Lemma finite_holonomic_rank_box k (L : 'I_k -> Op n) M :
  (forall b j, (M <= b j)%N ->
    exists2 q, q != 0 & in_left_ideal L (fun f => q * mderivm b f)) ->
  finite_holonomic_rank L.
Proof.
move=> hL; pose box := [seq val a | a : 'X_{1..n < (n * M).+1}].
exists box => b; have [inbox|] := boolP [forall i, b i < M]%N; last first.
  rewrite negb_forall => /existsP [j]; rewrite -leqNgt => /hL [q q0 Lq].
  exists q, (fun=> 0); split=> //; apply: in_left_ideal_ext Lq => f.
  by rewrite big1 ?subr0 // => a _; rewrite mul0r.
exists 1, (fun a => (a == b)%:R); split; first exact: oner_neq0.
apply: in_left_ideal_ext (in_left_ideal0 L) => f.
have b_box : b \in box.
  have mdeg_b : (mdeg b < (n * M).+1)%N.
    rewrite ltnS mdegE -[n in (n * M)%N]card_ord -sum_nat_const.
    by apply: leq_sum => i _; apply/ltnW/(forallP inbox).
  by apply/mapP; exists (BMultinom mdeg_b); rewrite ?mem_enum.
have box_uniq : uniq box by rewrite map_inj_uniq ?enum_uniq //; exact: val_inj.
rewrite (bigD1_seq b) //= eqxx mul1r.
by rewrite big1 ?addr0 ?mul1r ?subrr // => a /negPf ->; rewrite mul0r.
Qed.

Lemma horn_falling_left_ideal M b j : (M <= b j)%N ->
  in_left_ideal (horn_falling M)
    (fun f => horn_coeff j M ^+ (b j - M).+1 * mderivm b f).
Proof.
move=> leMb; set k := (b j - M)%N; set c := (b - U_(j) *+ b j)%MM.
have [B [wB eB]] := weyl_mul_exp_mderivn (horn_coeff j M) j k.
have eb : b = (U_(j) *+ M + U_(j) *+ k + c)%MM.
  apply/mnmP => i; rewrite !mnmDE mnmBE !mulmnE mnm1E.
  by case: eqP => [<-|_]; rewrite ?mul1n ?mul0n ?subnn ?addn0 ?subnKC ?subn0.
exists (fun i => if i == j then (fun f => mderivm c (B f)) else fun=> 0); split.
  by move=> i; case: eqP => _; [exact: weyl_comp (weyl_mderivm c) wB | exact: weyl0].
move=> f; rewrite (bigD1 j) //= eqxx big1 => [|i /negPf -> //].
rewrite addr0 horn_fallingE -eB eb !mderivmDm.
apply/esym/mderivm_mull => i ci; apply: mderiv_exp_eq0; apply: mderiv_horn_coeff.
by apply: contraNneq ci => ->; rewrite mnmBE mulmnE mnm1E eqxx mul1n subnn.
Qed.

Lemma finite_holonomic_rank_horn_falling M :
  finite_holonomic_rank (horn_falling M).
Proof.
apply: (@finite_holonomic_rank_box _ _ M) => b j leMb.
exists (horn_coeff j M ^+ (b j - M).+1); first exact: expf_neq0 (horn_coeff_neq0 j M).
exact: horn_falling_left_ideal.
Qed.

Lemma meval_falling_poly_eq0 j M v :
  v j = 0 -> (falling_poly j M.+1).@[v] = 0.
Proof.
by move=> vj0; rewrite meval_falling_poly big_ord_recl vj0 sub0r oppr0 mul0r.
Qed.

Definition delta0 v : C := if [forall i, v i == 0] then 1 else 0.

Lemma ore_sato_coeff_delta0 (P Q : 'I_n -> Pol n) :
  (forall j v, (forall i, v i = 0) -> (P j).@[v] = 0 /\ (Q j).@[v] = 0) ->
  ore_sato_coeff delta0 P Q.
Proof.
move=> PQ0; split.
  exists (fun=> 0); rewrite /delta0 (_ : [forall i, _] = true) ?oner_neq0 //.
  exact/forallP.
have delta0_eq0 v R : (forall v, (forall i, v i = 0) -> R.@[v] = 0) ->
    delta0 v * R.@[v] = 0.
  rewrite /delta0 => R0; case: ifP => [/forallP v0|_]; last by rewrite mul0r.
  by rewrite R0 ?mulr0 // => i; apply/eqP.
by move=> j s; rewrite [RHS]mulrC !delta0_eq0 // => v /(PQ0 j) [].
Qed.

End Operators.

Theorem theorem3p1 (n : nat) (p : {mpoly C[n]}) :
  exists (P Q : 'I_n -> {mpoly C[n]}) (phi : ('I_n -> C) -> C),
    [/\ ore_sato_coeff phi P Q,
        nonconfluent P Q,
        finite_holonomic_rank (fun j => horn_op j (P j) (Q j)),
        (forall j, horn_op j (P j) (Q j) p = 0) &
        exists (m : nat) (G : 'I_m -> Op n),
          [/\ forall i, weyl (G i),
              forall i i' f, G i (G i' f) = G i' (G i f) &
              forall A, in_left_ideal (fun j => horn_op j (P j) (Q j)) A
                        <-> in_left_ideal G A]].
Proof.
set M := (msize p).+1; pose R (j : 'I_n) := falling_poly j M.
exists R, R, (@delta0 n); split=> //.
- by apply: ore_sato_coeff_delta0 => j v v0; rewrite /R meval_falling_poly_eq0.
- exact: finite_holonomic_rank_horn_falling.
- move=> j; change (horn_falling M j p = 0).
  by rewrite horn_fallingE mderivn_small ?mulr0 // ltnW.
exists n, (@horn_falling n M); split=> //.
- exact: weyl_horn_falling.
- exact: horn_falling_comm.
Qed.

-----

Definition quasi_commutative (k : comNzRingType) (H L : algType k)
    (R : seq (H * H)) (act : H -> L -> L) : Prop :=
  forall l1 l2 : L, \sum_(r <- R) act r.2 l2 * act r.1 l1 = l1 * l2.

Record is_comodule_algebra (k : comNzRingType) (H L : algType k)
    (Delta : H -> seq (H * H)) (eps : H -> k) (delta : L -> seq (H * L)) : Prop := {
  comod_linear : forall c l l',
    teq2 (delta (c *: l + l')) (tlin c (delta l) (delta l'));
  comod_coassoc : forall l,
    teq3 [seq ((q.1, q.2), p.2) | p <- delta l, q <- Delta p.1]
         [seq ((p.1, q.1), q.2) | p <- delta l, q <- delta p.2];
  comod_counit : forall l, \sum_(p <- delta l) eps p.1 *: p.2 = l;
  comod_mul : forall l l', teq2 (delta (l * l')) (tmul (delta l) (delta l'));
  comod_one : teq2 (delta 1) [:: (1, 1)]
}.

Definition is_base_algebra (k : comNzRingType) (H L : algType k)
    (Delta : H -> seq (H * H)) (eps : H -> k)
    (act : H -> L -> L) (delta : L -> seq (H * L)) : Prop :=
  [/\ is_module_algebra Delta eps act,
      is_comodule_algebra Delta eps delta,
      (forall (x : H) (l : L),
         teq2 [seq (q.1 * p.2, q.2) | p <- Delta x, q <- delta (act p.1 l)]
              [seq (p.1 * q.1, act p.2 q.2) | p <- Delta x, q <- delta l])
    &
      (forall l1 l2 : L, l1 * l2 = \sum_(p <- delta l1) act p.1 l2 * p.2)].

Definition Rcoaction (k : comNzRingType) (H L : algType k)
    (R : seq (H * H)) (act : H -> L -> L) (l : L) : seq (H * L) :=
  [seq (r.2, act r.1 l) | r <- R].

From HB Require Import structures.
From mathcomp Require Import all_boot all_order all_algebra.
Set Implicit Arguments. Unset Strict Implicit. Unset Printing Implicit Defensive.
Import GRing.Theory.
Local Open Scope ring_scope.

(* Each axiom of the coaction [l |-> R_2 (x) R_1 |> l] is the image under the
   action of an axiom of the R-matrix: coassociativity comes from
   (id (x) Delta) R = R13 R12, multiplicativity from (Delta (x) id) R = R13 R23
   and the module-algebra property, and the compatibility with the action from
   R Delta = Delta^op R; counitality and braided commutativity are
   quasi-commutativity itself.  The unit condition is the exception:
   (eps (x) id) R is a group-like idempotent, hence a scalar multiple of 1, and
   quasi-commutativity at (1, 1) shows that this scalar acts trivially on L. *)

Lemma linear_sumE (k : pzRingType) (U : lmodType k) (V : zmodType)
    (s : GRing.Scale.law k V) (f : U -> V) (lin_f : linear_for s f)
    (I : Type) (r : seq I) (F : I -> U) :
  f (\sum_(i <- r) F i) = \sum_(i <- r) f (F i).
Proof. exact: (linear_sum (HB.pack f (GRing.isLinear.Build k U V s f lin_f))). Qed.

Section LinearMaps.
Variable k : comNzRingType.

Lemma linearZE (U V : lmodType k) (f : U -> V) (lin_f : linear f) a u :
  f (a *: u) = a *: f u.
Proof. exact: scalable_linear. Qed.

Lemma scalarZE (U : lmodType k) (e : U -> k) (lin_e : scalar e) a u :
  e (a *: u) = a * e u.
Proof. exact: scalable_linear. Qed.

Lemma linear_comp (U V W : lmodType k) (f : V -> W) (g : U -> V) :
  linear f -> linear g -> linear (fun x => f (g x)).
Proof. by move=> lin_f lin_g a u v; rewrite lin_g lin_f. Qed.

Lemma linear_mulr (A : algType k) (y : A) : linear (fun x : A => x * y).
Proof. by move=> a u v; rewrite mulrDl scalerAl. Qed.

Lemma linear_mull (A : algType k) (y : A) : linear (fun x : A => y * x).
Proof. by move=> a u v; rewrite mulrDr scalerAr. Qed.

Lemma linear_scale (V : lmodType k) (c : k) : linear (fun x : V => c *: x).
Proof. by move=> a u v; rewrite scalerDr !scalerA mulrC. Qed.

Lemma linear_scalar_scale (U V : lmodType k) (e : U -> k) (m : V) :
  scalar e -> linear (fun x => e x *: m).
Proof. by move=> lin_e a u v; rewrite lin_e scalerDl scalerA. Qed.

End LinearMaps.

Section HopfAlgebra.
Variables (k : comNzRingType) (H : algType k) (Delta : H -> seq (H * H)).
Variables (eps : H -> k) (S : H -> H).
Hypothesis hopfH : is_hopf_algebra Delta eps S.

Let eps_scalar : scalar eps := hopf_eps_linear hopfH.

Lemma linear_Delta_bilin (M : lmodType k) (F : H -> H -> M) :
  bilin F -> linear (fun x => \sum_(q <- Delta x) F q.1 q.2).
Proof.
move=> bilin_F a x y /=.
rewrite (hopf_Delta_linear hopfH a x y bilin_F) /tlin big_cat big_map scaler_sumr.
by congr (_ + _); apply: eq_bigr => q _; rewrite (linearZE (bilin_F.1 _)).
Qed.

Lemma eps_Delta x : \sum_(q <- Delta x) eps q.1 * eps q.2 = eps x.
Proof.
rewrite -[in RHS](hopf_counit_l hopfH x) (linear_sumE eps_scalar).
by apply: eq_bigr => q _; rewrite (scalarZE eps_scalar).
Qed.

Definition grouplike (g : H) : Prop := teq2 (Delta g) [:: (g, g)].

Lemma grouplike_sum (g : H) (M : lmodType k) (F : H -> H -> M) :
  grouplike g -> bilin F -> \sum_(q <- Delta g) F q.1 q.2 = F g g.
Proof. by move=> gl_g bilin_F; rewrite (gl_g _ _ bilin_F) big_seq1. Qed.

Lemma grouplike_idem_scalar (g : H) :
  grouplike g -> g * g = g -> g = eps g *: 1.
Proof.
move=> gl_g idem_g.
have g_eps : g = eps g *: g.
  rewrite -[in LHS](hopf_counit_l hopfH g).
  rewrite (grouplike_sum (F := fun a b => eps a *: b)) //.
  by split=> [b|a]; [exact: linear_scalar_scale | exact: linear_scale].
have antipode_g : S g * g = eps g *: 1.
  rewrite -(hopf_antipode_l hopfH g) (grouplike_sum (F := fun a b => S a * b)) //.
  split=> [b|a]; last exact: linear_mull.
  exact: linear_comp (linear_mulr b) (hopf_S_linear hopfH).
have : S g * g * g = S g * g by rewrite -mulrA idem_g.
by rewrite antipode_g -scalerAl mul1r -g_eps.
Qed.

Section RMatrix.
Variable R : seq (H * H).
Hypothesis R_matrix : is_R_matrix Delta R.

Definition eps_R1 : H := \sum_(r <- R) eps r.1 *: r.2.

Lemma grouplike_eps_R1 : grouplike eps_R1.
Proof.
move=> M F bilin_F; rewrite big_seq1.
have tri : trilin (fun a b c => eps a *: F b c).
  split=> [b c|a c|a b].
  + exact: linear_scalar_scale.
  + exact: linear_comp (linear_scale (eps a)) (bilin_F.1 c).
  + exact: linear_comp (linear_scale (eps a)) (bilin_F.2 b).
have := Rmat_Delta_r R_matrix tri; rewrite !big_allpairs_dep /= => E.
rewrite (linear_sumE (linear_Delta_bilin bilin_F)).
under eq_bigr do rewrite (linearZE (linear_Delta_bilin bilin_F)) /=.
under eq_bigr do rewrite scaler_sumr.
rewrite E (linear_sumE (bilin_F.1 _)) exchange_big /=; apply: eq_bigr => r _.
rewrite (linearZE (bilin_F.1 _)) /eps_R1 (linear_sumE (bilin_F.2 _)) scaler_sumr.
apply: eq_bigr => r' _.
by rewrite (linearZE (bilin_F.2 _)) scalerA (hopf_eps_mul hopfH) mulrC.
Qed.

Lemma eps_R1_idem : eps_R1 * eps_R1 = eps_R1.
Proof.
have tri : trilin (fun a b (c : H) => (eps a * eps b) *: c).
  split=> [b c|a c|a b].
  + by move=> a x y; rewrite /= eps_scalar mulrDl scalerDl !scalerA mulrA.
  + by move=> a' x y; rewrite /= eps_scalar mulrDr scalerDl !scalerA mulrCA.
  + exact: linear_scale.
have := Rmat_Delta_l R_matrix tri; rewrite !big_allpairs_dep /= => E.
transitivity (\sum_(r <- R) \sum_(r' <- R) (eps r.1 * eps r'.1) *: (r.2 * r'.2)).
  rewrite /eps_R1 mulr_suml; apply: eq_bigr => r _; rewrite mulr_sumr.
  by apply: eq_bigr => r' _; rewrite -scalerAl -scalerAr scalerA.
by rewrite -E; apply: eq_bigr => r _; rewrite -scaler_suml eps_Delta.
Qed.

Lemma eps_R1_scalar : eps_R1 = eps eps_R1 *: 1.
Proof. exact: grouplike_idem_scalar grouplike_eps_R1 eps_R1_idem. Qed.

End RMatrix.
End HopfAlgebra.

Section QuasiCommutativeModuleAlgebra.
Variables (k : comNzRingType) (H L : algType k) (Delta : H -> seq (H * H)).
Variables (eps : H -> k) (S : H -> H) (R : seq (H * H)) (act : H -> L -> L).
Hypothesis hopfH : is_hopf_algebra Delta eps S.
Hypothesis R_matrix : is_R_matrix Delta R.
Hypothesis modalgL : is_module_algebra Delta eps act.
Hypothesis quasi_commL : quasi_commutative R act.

-----

| WORK INSTRUCTION |
Gather each line of the listing that holds the string "linearZE".

| SOLVED PROBLEM |
Lemma linearZE (U V : lmodType k) (f : U -> V) (lin_f : linear f) a u :
by congr (_ + _); apply: eq_bigr => q _; rewrite (linearZE (bilin_F.1 _)).
under eq_bigr do rewrite (linearZE (linear_Delta_bilin bilin_F)) /=.
rewrite (linearZE (bilin_F.1 _)) /eps_R1 (linear_sumE (bilin_F.2 _)) scaler_sumr.
by rewrite (linearZE (bilin_F.2 _)) scalerA (hopf_eps_mul hopfH) mulrC.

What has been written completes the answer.